# [SOLVED] Oblivion - Screen goes black when in sneak mode.



## uw4nka (Sep 15, 2007)

Since I changed my graphics card to a GeForce 8800 GTS, I've been having a minor issue with Oblivion - but it can be irritating.

Basically when I'm in sneak mode, it seems when I am looking in a certain direction, the screen just blanks out. If I move the mouse up or down, it'll come back out of it, it's just at certain seemingly random points.

A quick Google search revealed a few other people with the same problem, a couple of those using 8800s.

Also, the HUD still remains.. I can move about okay, still see the crosshair and everything. Just all the textures vanish.

This is not an issue with Vista - I was having the same problem on XP, right after I upgraded to this card. I have updated my drivers several times since I got it as well. I am also running the latest version of the game.

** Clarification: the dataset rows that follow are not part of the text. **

Lemma mxtrace_mul_tens1 m n (M : 'M[C]_(m * n)) (Z : 'M[C]_m) :
  \tr (M *m (Z *t (1 : 'M[C]_n))) = \tr (ptrB m n M *m Z).
Proof.
rewrite mxtrace_mul_tensE /mxtrace; apply: eq_bigr => i _.
rewrite exchange_big mxE; apply: eq_bigr => j _.
rewrite mxE mulr_suml; apply: eq_bigr => k _.
rewrite (sum_eq_single (i := k)) ?mx1E ?eqxx ?mulr1 // => l /negbTE l_neq_k.
by rewrite mx1E l_neq_k !mulr0.
Qed.

Lemma mxtrace_mul_1tens m n (M : 'M[C]_(m * n)) (Z : 'M[C]_n) :
  \tr (M *m ((1 : 'M[C]_m) *t Z)) = \tr (ptrA m n M *m Z).
Proof.
rewrite mxtrace_mul_tensE /mxtrace.
transitivity (\sum_i \sum_k \sum_l M (tidx (i, k)) (tidx (i, l)) * Z l k).
  apply: eq_bigr => i _; apply: eq_bigr => k _.
  rewrite (sum_eq_single (i := i)) => [|j /negbTE j_neq_i].
    by apply: eq_bigr => l _; rewrite mx1E eqxx mul1r.
  by apply: big1 => l _; rewrite mx1E j_neq_i mul0r mulr0.
rewrite exchange_big; apply: eq_bigr => k _.
rewrite exchange_big mxE; apply: eq_bigr => l _.
by rewrite mxE mulr_suml.
Qed.

Lemma mxtrace_ptrB m n (M : 'M[C]_(m * n)) : \tr (ptrB m n M) = \tr M.
Proof.
by rewrite {2}/mxtrace sum_mxtens_index; apply: eq_bigr => i _; rewrite mxE.
Qed.

Lemma psd_ptrB m n (M : 'M[C]_(m * n)) : psd M -> psd (ptrB m n M).
Proof.
move=> M_psd; split=> [|v].
  apply/matrixP => i j; rewrite adjE !mxE rmorph_sum; apply: eq_bigr => k _.
  by rewrite [RHS](psd_conj M_psd).
rewrite -trace_mx11 -mxtrace_mul_adj -mxtrace_mul_tens1.
rewrite -[(1 : 'M[C]_n)]mulmx1 -tensmx_mul.
have -> : adj v *t (1%:M : 'M[C]_n) = adj (v *t 1) by rewrite adj_tens adj1.
by rewrite mxtrace_mul_adj psd_quad_ge0.
Qed.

I was wondering if anyone else was aware of this issue or a way to resolve it?
Thanks


----------



## pharoah (Aug 28, 2006)

*Re: Oblivion - Screen goes black when in sneak mode.*

seems several have had this problem.most have fixed it by reinstalling the game.first though go into my documents,my games,oblivion,and delete the oblivion configuration settings file.next time you start oblivion it will redetect your hardware.you will have to set your video settings back to the way you had them.if that dont help a reinstall of the game may be needed.


----------



## pharoah (Aug 28, 2006)

*Re: Oblivion - Screen goes black when in sneak mode.*

here is a possible fix for this.

http://planetelderscrolls.gamespy.com/View.php?view=OblivionMods.Detail&id=2859


----------



## uw4nka (Sep 15, 2007)

*Re: Oblivion - Screen goes black when in sneak mode.*

Awesome, that mod did the trick. Thanks for that. =]
I tried reinstalling the game already. =P
Hell, I reinstalled my OS and it still did it.


----------



## pharoah (Aug 28, 2006)

*Re: Oblivion - Screen goes black when in sneak mode.*

cool glad that fixed ya up:wave:


----------